The substantive concern Borg is pointing at

Even with the '80%' figure overstated, the substantive concern behind the framing has substance: a meaningful share of young Maltese express dissatisfaction with quality-of-life factors. The EY 2022 survey's 72-77% 'would rather live outside' is genuinely high. The MaltaToday 2024 finding of 42.7% under-25s wishing they were born elsewhere is significant. PN's broader policy framing — that Malta's economic growth has come with quality-of-life costs that young people feel acutely — has real survey support.

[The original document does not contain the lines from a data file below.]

Lemma fg_comm_one_r : fg_comm x fg_one = fg_one.
Proof. free_group_identity [x] (EComm (EVar 0) EOne) EOne. Qed.

Lemma fg_comm_sym : fg_comm y x = fg_inv (fg_comm x y).
Proof. free_group_identity [x; y] (EComm (EVar 1) (EVar 0)) (EInv (EComm (EVar 0) (EVar 1))). Qed.

Lemma fg_comm_mul_r : fg_comm x (fg_mul y z) = fg_mul (fg_comm x z) (fg_conj z (fg_comm x y)).
Proof.
  free_group_identity [x; y; z]
    (EComm (EVar 0) (EMul (EVar 1) (EVar 2)))
    (EMul (EComm (EVar 0) (EVar 2)) (EMul (EMul (EInv (EVar 2)) (EComm (EVar 0) (EVar 1))) (EVar 2))).
Qed.

Lemma fg_comm_inv_r : fg_comm x (fg_inv y) = fg_conj (fg_inv y) (fg_inv (fg_comm x y)).
Proof.
  free_group_identity [x; y]
    (EComm (EVar 0) (EInv (EVar 1)))
    (EMul (EMul (EInv (EInv (EVar 1))) (EInv (EComm (EVar 0) (EVar 1)))) (EInv (EVar 1))).
Qed.

(* A form of the Hall-Witt identity. *)
Lemma fg_comm_comm_r :
  fg_comm x (fg_comm y z) =
  fg_conj z (fg_mul (fg_conj x (fg_comm (fg_comm (fg_inv z) (fg_inv x)) y))
                    (fg_conj y (fg_comm (fg_comm x (fg_inv y)) (fg_inv z)))).
Proof.
  free_group_identity [x; y; z]
    (EComm (EVar 0) (EComm (EVar 1) (EVar 2)))
    (EMul (EMul (EInv (EVar 2))
      (EMul (EMul (EMul (EInv (EVar 0)) (EComm (EComm (EInv (EVar 2)) (EInv (EVar 0))) (EVar 1))) (EVar 0))
            (EMul (EMul (EInv (EVar 1)) (EComm (EComm (EVar 0) (EInv (EVar 1))) (EInv (EVar 2)))) (EVar 1))))
      (EVar 2)).
Qed.

End CommutatorIdentities.

(** * The lower central series *)

Lemma gamma_freely_reduced n w : gamma n w -> freely_reduced w.
Proof.
  induction 1; try apply freely_reduced_red; auto using freely_reduced_inv.
  exact I.
Qed.

Lemma gamma_1_intro w : freely_reduced w -> gamma 1 w.
Proof. intro Hw. rewrite <- (red_freely_reduced w Hw). apply gamma_top. Qed.

Lemma gamma_succ_incl n w : gamma (S (S n)) w -> gamma (S n) w.
Proof.
  remember (S (S n)) as m eqn:Em. intro Hw. revert n Em.
  induction Hw as [w|k x y _ IHx Hy|k|k x y _ IHx _ IHy|k x _ IHx]; intros n Em;
    try discriminate; eauto using gamma_one, gamma_mul, gamma_inv.
  injection Em as ->. destruct n as [|n].
  - apply gamma_1_intro, freely_reduced_red.
  - apply gamma_comm; auto.
Qed.

Lemma gamma_conj n x g :
  1 <= n -> gamma n x -> freely_reduced g -> gamma n (fg_conj g x).
Proof.
  intros Hn Hx Hg. destruct n as [|n]; [lia|].
  rewrite fg_conj_eq_mul_comm by eauto using gamma_freely_reduced.
  apply gamma_mul, gamma_succ_incl, gamma_comm; auto.
  apply reduced_iff; auto.
Qed.

Section CommutatorDegree.

Variable j : nat.
Hypothesis IHj : forall i x y, 1 <= i -> gamma i x -> gamma (S j) y ->
  gamma (i + S j) (fg_comm x y).

Lemma gamma_comm_comm i x y z :
  1 <= i -> gamma i x -> gamma (S j) y -> freely_reduced z ->
  gamma (i + S (S j)) (fg_comm x (fg_comm y z)).
Proof.
  intros Hi Hx Hy Hz. destruct i as [|i]; [lia|].
  assert (Rx : freely_reduced x) by eauto using gamma_freely_reduced.
  assert (Ry : freely_reduced y) by eauto using gamma_freely_reduced.
  rewrite fg_comm_comm_r by auto.
  apply gamma_conj; [lia| |auto].
  apply gamma_mul; apply gamma_conj; auto; try lia.
  - replace (S i + S (S j)) with (S (S i) + S j) by lia.
    apply IHj; [lia| |exact Hy].
    rewrite fg_comm_sym by auto using freely_reduced_inv.
    apply gamma_inv, gamma_comm; auto using gamma_inv.
    apply reduced_iff, freely_reduced_inv; auto.
  - replace (S i + S (S j)) with (S (S (i + S j))) by lia.
    apply gamma_comm; [|apply reduced_iff, freely_reduced_inv; auto].
    apply (IHj (S i)); auto using gamma_inv; lia.
Qed.

End CommutatorDegree.

Lemma gamma_comm_add i j x y :
  1 <= i -> 1 <= j -> gamma i x -> gamma j y -> gamma (i + j) (fg_comm x y).
Proof.
  revert i x y; induction j as [|j IHj]; intros i x y Hi Hj Hx Hy; [lia|].
  destruct i as [|i]; [lia|].
  assert (Rx : freely_reduced x) by eauto using gamma_freely_reduced.
  destruct j as [|j].
  - rewrite Nat.add_1_r. apply gamma_comm; auto.
    apply reduced_iff; eauto using gamma_freely_reduced.
  - remember (S (S j)) as m eqn:Em. revert Em.
    induction Hy as [y|k y z Hy _ Hz|k|k y z Hy IHy Hz IHz|k y Hy IHy]; intro Em;
      try discriminate.
    + injection Em as ->. apply gamma_comm_comm; auto; [intros; apply IHj; auto; lia|].
      apply reduced_iff; auto.
    + rewrite fg_comm_one_r by auto. apply gamma_one.
    + subst k. rewrite fg_comm_mul_r by eauto using gamma_freely_reduced.
      apply gamma_mul; auto.
      apply gamma_conj; eauto using gamma_freely_reduced; lia.
    + subst k. rewrite fg_comm_inv_r by eauto using gamma_freely_reduced.
      apply gamma_conj; [lia | apply gamma_inv; auto |].
      apply freely_reduced_inv; eauto using gamma_freely_reduced.
Qed.

(** * The substitution rho and the Fibonacci words *)

Definition rho_letter (x : letter) : word :=
  match x with
  | (ga, false) => [(gb, true); (ga, true)]
  | (ga, true) => [(ga, false); (gb, false)]
  | (gb, false) => [(gb, false); (ga, false)]
  | (gb, true) => [(ga, true); (gb, true)]
  end.

Definition rho (w : word) : word := concat (map rho_letter w).

Lemma rho_app u v : rho (u ++ v) = rho u ++ rho v.
Proof. unfold rho. rewrite map_app, concat_app. reflexivity. Qed.

Lemma rho_letter_linv x : rho_letter (linv x) = fg_inv (rho_letter x).
Proof. destruct x as [[|] [|]]; reflexivity. Qed.

Lemma rho_fg_inv u : rho (fg_inv u) = fg_inv (rho u).
Proof.
  induction u as [|x u IH]; [reflexivity|].
  change (fg_inv (x :: u)) with (fg_inv u ++ [linv x]).
  change (rho (x :: u)) with (rho_letter x ++ rho u).
  rewrite rho_app, IH, fg_inv_app, <- rho_letter_linv.
  unfold rho at 2; simpl. rewrite app_nil_r. reflexivity.
Qed.

Lemma red_rho_red w : red (rho (red w)) = red (rho w).
Proof.
  induction w as [|x w IH]; [reflexivity|].
  change (rho (x :: w)) with (rho_letter x ++ rho w).
  rewrite <- red_app_red_r, <- IH, red_app_red_r. simpl.
  destruct (red w) as [|y r]; [reflexivity|]. unfold cons_red.
  destruct (letter_eq_dec y (linv x)) as [->|]; [|reflexivity].
  change (rho (linv x :: r)) with (rho_letter (linv x) ++ rho r).
  rewrite rho_letter_linv, red_app_inv_cancel. reflexivity.
Qed.
(* |sqrt u - sqrt v| * sqrt u <= |u - v|, from u - v = (sqrt u - sqrt v)(sqrt u + sqrt v). *)
Lemma sqrt_diff_bound (u v : R) : 0 <= u -> 0 <= v ->
  Rabs (sqrt u - sqrt v) * sqrt u <= Rabs (u - v).
Proof.
  intros Hu Hv. pose proof (sqrt_pos u). pose proof (sqrt_pos v).
  replace (u - v) with ((sqrt u - sqrt v) * (sqrt u + sqrt v))
    by (pose proof (sqrt_sqrt u Hu); pose proof (sqrt_sqrt v Hv); nra).
  rewrite Rabs_mult, (Rabs_right (sqrt u + sqrt v)) by lra.
  apply Rmult_le_compat_l; [apply Rabs_pos|lra].
Qed.

(* sqrt is uniformly flat at infinity on integers (with sqrt = 0 on negatives):
   integers at bounded distance D far from 0 have close square roots. *)
Lemma sqrt_int_close (eps D : R) : 0 < eps -> 0 <= D ->
  exists M : R, forall n m : Z, M < IZR (Z.abs n) -> Rabs (IZR n - IZR m) <= D ->
    Rabs (sqrt (IZR n) - sqrt (IZR m)) < eps.
Proof.
  intros Heps HD. exists (D + (D / eps) * (D / eps)). intros n m Hn Hnm.
  assert (HDe : 0 <= D / eps)
    by (unfold Rdiv; apply Rmult_le_pos; [lra|left; apply Rinv_0_lt_compat; lra]).
  assert (Hbd : IZR n - D <= IZR m <= IZR n + D).
  { pose proof (Rle_abs (IZR n - IZR m)). pose proof (Rle_abs (IZR m - IZR n)) as H'.
    rewrite Rabs_minus_sym in H'. lra. }
  rewrite abs_IZR in Hn. destruct (Rle_lt_dec 0 (IZR n)) as [Hpos|Hneg].
  - rewrite Rabs_right in Hn by lra.
    assert (Hm : 0 <= IZR m) by nra.
    assert (Hs : D / eps < sqrt (IZR n)).
    { rewrite <- (sqrt_square (D / eps)) by lra. apply sqrt_lt_1; nra. }
    pose proof (sqrt_diff_bound _ _ Hpos Hm) as Hb.
    assert (HD' : D = D / eps * eps) by (field; lra).
    destruct (Rlt_le_dec (Rabs (sqrt (IZR n) - sqrt (IZR m))) eps) as [|Hge]; auto.
    exfalso. pose proof (Rabs_pos (sqrt (IZR n) - sqrt (IZR m))). nra.
  - rewrite Rabs_left in Hn by lra.
    assert (Hm : IZR m <= 0) by nra.
    rewrite !sqrt_neg_0 by lra. rewrite Rminus_diag, Rabs_R0. exact Heps.
Qed.
Lemma lagrangian_step t a z :
  S z -> is_subgrad_on S (f t) a (df t a) -> is_subgrad_on S (g t) a (dg t a) ->
  enorm (df t a) <= G -> enorm (dg t a) <= G ->
  2 * eta * (f t a - f t z) + pospart (g t a) ^+ 2 / (4 * G ^+ 2)
    <= sqnorm (a - z) - sqnorm (pd_update proj f g df dg (2 * G ^+ 2) eta t a - z)
       + 2 * eta ^+ 2 * G ^+ 2 + pospart (g t z) ^+ 2 / G ^+ 2.
Proof.
move=> z_in f_sg g_sg df_le dg_le.
set mu := if 0 < g t a then lam_of g (2 * G ^+ 2) eta t a else 0.
set d := df t a + mu *: dg t a.
have descent : sqnorm (pd_update proj f g df dg (2 * G ^+ 2) eta t a - z)
    <= sqnorm (a - z) - 2 * eta * dotv d (a - z) + eta ^+ 2 * sqnorm d.
  exact: (proj_step_sqdist_le S_convex proj_S a d eta z_in).
have [mu_ge0 pa_eq mu_ga] : [/\ 0 <= mu, pospart (g t a) = 2 * G ^+ 2 * eta * mu
                              & mu * g t a = 2 * G ^+ 2 * eta * mu ^+ 2].
  rewrite /mu /lam_of; case: ifP => [ga_gt0|/negbT].
    rewrite pospart_id ?(ltW ga_gt0) //; split.
    - by rewrite divr_ge0 // ltW // !mulr_gt0 // exprn_gt0.
    - by field; rewrite !gt_eqF.
    - by field; rewrite !gt_eqF.
  by rewrite -leNgt => /pospart_eq0 ->; split => //; ring.
have lin : f t a - f t z + mu * (g t a - g t z) <= dotv d (a - z).
  have := f_sg _ z_in; have := g_sg _ z_in.
  rewrite -[z - a]opprB !dotvNr /d dotvDl dotvZl => ga gf.
  have : mu * (g t a - g t z) <= mu * dotv (dg t a) (a - z) by apply: ler_wpM2l; lra.
  lra.
have quad : sqnorm d <= 2 * G ^+ 2 + 2 * G ^+ 2 * mu ^+ 2.
  apply: le_trans (sqnormD_le _ _) _; rewrite sqnormZ.
  have := sqnorm_le df_le; have := sqnorm_le dg_le; have := sqr_ge0 mu; nra.
have comparator : 2 * eta * mu * g t z
    <= G ^+ 2 * eta ^+ 2 * mu ^+ 2 + pospart (g t z) ^+ 2 / G ^+ 2.
  have emu_ge0 : 0 <= 2 * eta * mu by rewrite !mulr_ge0 // ltW.
  apply: le_trans (ler_wpM2l emu_ge0 (pospart_ge (g t z))) _.
  have := sqr_ge0 (G * eta * mu - pospart (g t z) / G).
  have -> : (G * eta * mu - pospart (g t z) / G) ^+ 2
    = G ^+ 2 * eta ^+ 2 * mu ^+ 2 - 2 * eta * mu * pospart (g t z)
      + pospart (g t z) ^+ 2 / G ^+ 2 by field; rewrite gt_eqF.
  lra.
have -> : pospart (g t a) ^+ 2 / (4 * G ^+ 2) = G ^+ 2 * eta ^+ 2 * mu ^+ 2.
  by rewrite pa_eq; field; rewrite gt_eqF.
have := ler_wpM2l (ltW (mulr_gt0 (ltr0Sn _ 1) eta_gt0)) lin.
have := ler_wpM2l (sqr_ge0 eta) quad.
have : 2 * eta * (mu * g t a) = 4 * G ^+ 2 * eta ^+ 2 * mu ^+ 2 by rewrite mu_ga; ring.
lra.
Qed.

End LagrangianStep.
(* Let $N$ be a closed flat surface and consider two disjoint embedded open metric disks in $N$, both of diameter $h$, with centers at distance $d$. If this configuration realizes the maximum of $h\sqrt{4h^2+d^2}/\mathsf{vol}(N)$ over all closed flat surfaces and all configurations of two disjoint embedded open disks of equal diameter, then $d=h$.
   Context: A closed flat surface is a flat torus or flat Klein bottle; $\mathsf{vol}$ is area; distances are measured in the flat metric. *)

From Stdlib Require Import Reals Lra ZArith.
Open Scope R_scope.

Definition pt := (R * R)%type.
Definition edist (p q : pt) : R :=
  sqrt ((fst p - fst q) ^ 2 + (snd p - snd q) ^ 2).

(** Closed flat surfaces, up to isometry (classification):
    - a flat torus R^2 / (Z u + Z v), u = (u1,u2), v = (v1,v2) linearly independent;
    - a flat Klein bottle R^2 / G where G is generated by the glide reflection
      (x,y) |-> (x + a, -y) and the translation (x,y) |-> (x, y + b), a, b > 0. *)
Inductive flat_surface : Type :=
  | FlatTorus (u1 u2 v1 v2 : R)
  | FlatKlein (a b : R).

Definition valid_surface (N : flat_surface) : Prop :=
  match N with
  | FlatTorus u1 u2 v1 v2 => u1 * v2 - u2 * v1 <> 0
  | FlatKlein a b => 0 < a /\ 0 < b
  end.

Definition area (N : flat_surface) : R :=
  match N with
  | FlatTorus u1 u2 v1 v2 => Rabs (u1 * v2 - u2 * v1)
  | FlatKlein a b => a * b
  end.

Definition deck (N : flat_surface) (m n : Z) (p : pt) : pt :=
  match N with
  | FlatTorus u1 u2 v1 v2 =>
      (fst p + IZR m * u1 + IZR n * v1, snd p + IZR m * u2 + IZR n * v2)
  | FlatKlein a b =>
      (fst p + IZR m * a,
       (if Z.even m then snd p else - snd p) + IZR n * b)
  end.

Definition same_point (N : flat_surface) (p q : pt) : Prop :=
  exists m n : Z, deck N m n p = q.

Definition is_flat_dist (N : flat_surface) (p q : pt) (d : R) : Prop :=
  (exists m n : Z, edist p (deck N m n q) = d) /\
  (forall m n : Z, d <= edist p (deck N m n q)).

Definition embedded_disk (N : flat_surface) (p : pt) (r : R) : Prop :=
  forall x y : pt, edist p x < r -> edist p y < r -> same_point N x y -> x = y.

Definition disjoint_disks (N : flat_surface) (p1 p2 : pt) (r : R) : Prop :=
  forall x y : pt, edist p1 x < r -> edist p2 y < r -> ~ same_point N x y.

Definition two_disk_config (N : flat_surface) (h : R) (p1 p2 : pt) : Prop :=
  valid_surface N /\ 0 < h /\
  embedded_disk N p1 (h / 2) /\ embedded_disk N p2 (h / 2) /\
  disjoint_disks N p1 p2 (h / 2).

Definition objective (N : flat_surface) (h d : R) : R :=
  h * sqrt (4 * h ^ 2 + d ^ 2) / area N.

(* Every configuration satisfies 3 h^2 (4 h^2 + d^2) <= 5 vol(N)^2, strictly when d > h
   (disjointness alone forces d >= h), whereas the hexagonal torus, with disks of diameter 1
   centred at 0 and (1/2, sqrt 3 / 2) in R^2 / (Z (1,0) + Z (0, sqrt 3)), has d = h = 1 and
   attains this bound.  So a maximiser cannot have d > h.

   For a torus, let l be a shortest lattice vector, completed to a lattice basis.  Then
   |l| >= h by embeddedness, 3 |l|^4 <= 4 vol^2 because the lattice lines parallel to l are
   vol / |l| apart, and 4 |l|^2 d^2 <= |l|^4 + vol^2 because every point is within half a line
   spacing across and |l| / 2 along of a lattice point.  For a Klein bottle with glide
   (x, y) |-> (x + a, -y) and vertical period b, embeddedness gives h <= 2a and h <= b.  If
   h <= a, the a x b rectangle is a fundamental domain and 4 d^2 <= a^2 + b^2.  If a < h, the
   glide reflections through the two centres force the vertical offsets of the images of the
   second centre in the two columns next to the first to differ in absolute value by at least
   sqrt (h^2 - a^2). *)

From Stdlib Require Import Reals Lra Lia Psatz ZArith List.
Open Scope R_scope.

(** * Plane geometry and deck groups *)

Definition vadd (p q : pt) : pt := (fst p + fst q, snd p + snd q).
Definition vsub (p q : pt) : pt := (fst p - fst q, snd p - snd q).
Definition mid (p q : pt) : pt := ((fst p + fst q) / 2, (snd p + snd q) / 2).
Definition norm2 (p : pt) : R := fst p ^ 2 + snd p ^ 2.
Definition dot (p q : pt) : R := fst p * fst q + snd p * snd q.
Definition cross (p q : pt) : R := fst p * snd q - snd p * fst q.

Lemma norm2_nonneg p : 0 <= norm2 p.
Proof. unfold norm2. nra. Qed.

Lemma lagrange p q : norm2 p * norm2 q = dot p q ^ 2 + cross p q ^ 2.
Proof. unfold norm2, dot, cross. ring. Qed.

Lemma cross_sqr_le p q : cross p q ^ 2 <= norm2 p * norm2 q.
Proof. rewrite lagrange. nra. Qed.

Lemma norm2_pos_of_cross p q : cross p q <> 0 -> 0 < norm2 p.
Proof.
  intros Hc. destruct (Rle_lt_or_eq_dec _ _ (norm2_nonneg p)) as [|E]; [assumption|].
  exfalso. pose proof (cross_sqr_le p q) as Hle. rewrite <- E, Rmult_0_l in Hle.
  apply Hc. nra.
Qed.
Lemma graft_id k S t : k \notin labels t -> graft k S t = t.
Proof.
elim/ptree_ind_mem: t => v cs IH; rewrite mem_labels negb_or => /andP [hv hcs] /=.
rewrite eq_sym (negbTE hv); congr PNode; rewrite -[RHS]map_id; apply/eq_in_map => c hc.
by apply: IH => //; apply: contra hcs => h; apply/hasP; exists c.
Qed.

Lemma graft_inj k S S' t t' : k \in labels t ->
  graft k S t = graft k S' t' -> S = S' /\ t = t'.
Proof.
move=> hk e; have et : t = t' by rewrite -(graftK k S t) e graftK.
subst t'; split=> //; elim/ptree_ind_mem: t hk e => v cs IH.
rewrite mem_labels /= => hk; case: eqP => hv; first by case.
move: hk; rewrite (introF eqP (fun e => hv (esym e))) /= => /hasP [c hc hkc] [] e.
apply: (IH c hc hkc); have := congr1 (fun l => nth (PNode 0 [::]) l (index c cs)) e.
by rewrite !(nth_map (PNode 0 [::])) ?index_mem // nth_index.
Qed.

Lemma mem_graft k S t x : (x \in labels (graft k S t)) =
  (x \in labels t) || (k \in labels t) && (x \in labels S).
Proof.
elim/ptree_ind_mem: t => v cs IH; rewrite graftE !mem_labels.
have hcs : has (fun c => x \in labels c) (map (graft k S) cs) =
    has (fun c => x \in labels c) cs || has (fun c => k \in labels c) cs && (x \in labels S).
  rewrite has_map; apply/hasP/idP => [[c hc /=]|].
    rewrite IH // => /orP [h|/andP [h1 h2]]; first by apply/orP; left; apply/hasP; exists c.
    by apply/orP; right; rewrite h2 andbT; apply/hasP; exists c.
  case/orP=> [/hasP [c hc h]|/andP [/hasP [c hc h] h2]]; exists c => //=;
    by rewrite IH // ?h ?h2 ?orbT.
case: (eqVneq v k) => [->|hv] /=; rewrite ?hcs ?eqxx /=; last by rewrite orbA.
by case: (x == k); case: (x \in labels S); rewrite /= ?orbT ?andbT ?andbF ?orbF.
Qed.

Lemma size_labels_graft k S t : size (labels (graft k S t)) =
  size (labels t) + count_mem k (labels t) * size (labels S).
Proof.
elim/ptree_ind_mem: t => v cs IH; rewrite graftE !labelsE /= !size_flatten count_flatten.
rewrite /shape -!map_comp !sumnE !big_map.
have sum_cs : \sum_(c <- cs) size (labels (graft k S c)) =
    \sum_(c <- cs) size (labels c) + (\sum_(c <- cs) count_mem k (labels c)) * size (labels S).
  by rewrite (eq_big_seq _ IH) big_split big_distrl.
case: (eqVneq v k) => _; rewrite /= ?big_cons big_map sum_cs /=; lia.
Qed.

Lemma decreasing_graft k S t : decreasing S -> (forall x, x \in labels S -> x < k) ->
  decreasing t -> decreasing (graft k S t).
Proof.
move=> dS hS; elim/ptree_ind_mem: t => v cs IH /decreasingE hd; rewrite graftE.
have hch c' : c' \in map (graft k S) cs -> (forall x, x \in labels c' -> x < v) /\ decreasing c'.
  case/mapP=> c hc ->; have [h1 h2] := hd c hc; split; last exact: IH.
  by move=> x; rewrite mem_graft => /orP [/h1 //|/andP [/h1 hk /hS hx]]; apply: ltn_trans hx hk.
apply/decreasingE => c'; case: eqP => [e|_]; last exact: hch.
by subst k; rewrite in_cons => /orP [/eqP ->|hc]; [split|exact: hch].
Qed.

Lemma decreasing_graft_inv k S t : decreasing (graft k S t) -> decreasing t.
Proof.
elim/ptree_ind_mem: t => v cs IH; rewrite graftE => /decreasingE hd.
apply/decreasingE => c hc; have [h1 h2] := hd _ (mem_graft_children k S v hc).
by split; [move=> x hx; apply: h1; rewrite mem_graft hx|exact: IH].
Qed.

Lemma decreasing_graft_scion k S t : decreasing (graft k S t) -> k \in labels t ->
  decreasing S /\ (forall x, x \in labels S -> x < k).
Proof.
elim/ptree_ind_mem: t => v cs IH; rewrite graftE => /decreasingE hd.
rewrite mem_labels; case: (eqVneq v k) => [e _|hv /= /hasP [c hc hk]].
  subst k; have hS : S \in (if v == v then S :: map (graft v S) cs else map (graft v S) cs).
    by rewrite eqxx mem_head.
  by have [] := hd S hS.
have [_ h2] := hd _ (mem_graft_children k S v hc).
exact: IH h2 hk.
Qed.

Lemma mem_leaves_graft k S t x : x \in leaves (graft k S t) ->
  x \in leaves S \/ (x \in leaves t /\ x != k).
Proof.
elim/ptree_ind_mem: t => v cs IH; rewrite graftE.
case: (eqVneq v k) => [e|hv] /mem_leaves [[]|[c]] //.
- rewrite in_cons => /orP [/eqP -> ->|/mapP [c' hc' ->] hx]; first by left.
  have [h|[h1 h2]] := IH c' hc' hx; first by left.
  by right; split=> //; apply: mem_leaves_child hc' h1.
- move=> e ->; right; split=> //; case: cs IH e => // _ _.
  by rewrite leavesE mem_head.
- move=> /mapP [c' hc' ->] hx; have [h|[h1 h2]] := IH c' hc' hx; first by left.
  by right; split=> //; apply: mem_leaves_child hc' h1.
Qed.

Lemma mem_leaves_graftr k S t x : x \in leaves t -> x != k -> x \in leaves (graft k S t).
Proof.
elim/ptree_ind_mem: t => v cs IH; rewrite graftE.
move/mem_leaves => [[-> ->] hv|[c hc hx] hk].
  by case: ifP => [/eqP e|_]; [rewrite e eqxx in hv|rewrite /= inE].
exact: (mem_leaves_child v (mem_graft_children k S v hc) (IH c hc hx hk)).
Qed.

Lemma graft_id_map k S l : (forall c, c \in l -> k \notin labels c) -> map (graft k S) l = l.
Proof. by move=> h; rewrite -[RHS]map_id; apply/eq_in_map => c /h /graft_id. Qed.

Lemma uniq_labels_split v pre c post : uniq (labels (PNode v (pre ++ c :: post))) ->
  [/\ uniq (labels c), forall x, x \in labels c -> forall d, d \in pre -> x \notin labels d
    & forall x, x \in labels c -> forall d, d \in post -> x \notin labels d].
Proof.
rewrite labelsE /= map_cat flatten_cat /= cat_uniq => /andP [_ /and3P [_ h1 h2]].
move: h2; rewrite cat_uniq => /and3P [uc h3 _]; split=> // x hx d hd.
  apply/negP => hxd; move/hasP: h1; apply; exists x; first by rewrite mem_cat hx.
  by apply/flattenP; exists (labels d) => //; apply: map_f.
apply/negP => hxd; move/hasP: h3; apply; exists x => //.
by apply/flattenP; exists (labels d) => //; apply: map_f.
Qed.

Lemma exists_graft k t : uniq (labels t) -> k \in labels t -> k \notin leaves t ->
  exists S t', t = graft k S t' /\ k \in labels t'.
Proof.
elim/ptree_ind_mem: t => v cs IH hu; rewrite mem_labels.
case: (eqVneq v k) => [<- _|hv /= /hasP [c hc hkc] hl].
  case: cs IH hu => [|S cs] IH hu; first by rewrite /= inE eqxx.
  move=> _; exists S, (PNode v cs); split; last by rewrite labelsE mem_head.
  rewrite graftE eqxx graft_id_map // => d hd; apply: contraL hu => hvd.
  by rewrite labelsE /= mem_cat negb_and negbK; apply/orP; left; apply/orP; right;
    apply/flattenP; exists (labels d); rewrite ?map_f.
case/splitPr: hc IH hu hl => pre post IH hu hl.
have [uc hpre hpost] := uniq_labels_split hu.
have hcin : c \in pre ++ c :: post by rewrite mem_cat mem_head orbT.
have hlc : k \notin leaves c by apply: contra hl; apply: mem_leaves_child hcin.
have [S [c' [ec hk']]] := IH c hcin uc hkc hlc.
exists S, (PNode v (pre ++ c' :: post)); split.
  by rewrite graftE (negbTE hv) map_cat /= -ec !graft_id_map // => d hd; [apply: hpost|apply: hpre].
by rewrite mem_labels; apply/orP; right; apply/hasP; exists c'; rewrite // mem_cat mem_head orbT.
Qed.

(** * Subsets of [1, m] *)

Fixpoint subsets (m : nat) : seq (seq nat) :=
  if m is m'.+1 then subsets m' ++ [seq rcons A m | A <- subsets m'] else [:: [::]].

Lemma iotaS_rcons m : iota 1 m.+1 = rcons (iota 1 m) m.+1.
Proof. by rewrite -cats1 -[m.+1]addn1 iotaD add1n addn1. Qed.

What the data doesn't support is the specific '80%' headline figure or the implication that young Maltese are actually leaving in the numbers the rhetoric implies.

Cross-EU comparison

Maltese youth emigration aspirations are within the range of other small/mid-sized European democracies. Greek and Italian youth surveys typically show 60-70% saying they'd consider working abroad. UK youth surveys range 40-60% depending on the question framing. What's distinctive about Malta is the gap between high aspirational responses and low actual emigration — fewer Maltese youth follow through on the aspiration than peer-country youth do.

So is the claim accurate?

No, on both counts. The specific 80% figure is not supported by any documented survey — the closest are 72% (Gen-Z) and 77% (Millennials) from the EY 2022 study. And the 'want to leave' framing is contradicted by the NSO Maltese-citizen migration data: since 2018 more Maltese have returned than left, including +400 net return for youths 15-29 across 2022-2023. The number is wrong by at least three percentage points, and the underlying behavioural pattern points the opposite direction. Per Spunt's literal-verdict standard, when the claim's wording is contradicted by the data on both fronts, the verdict is False.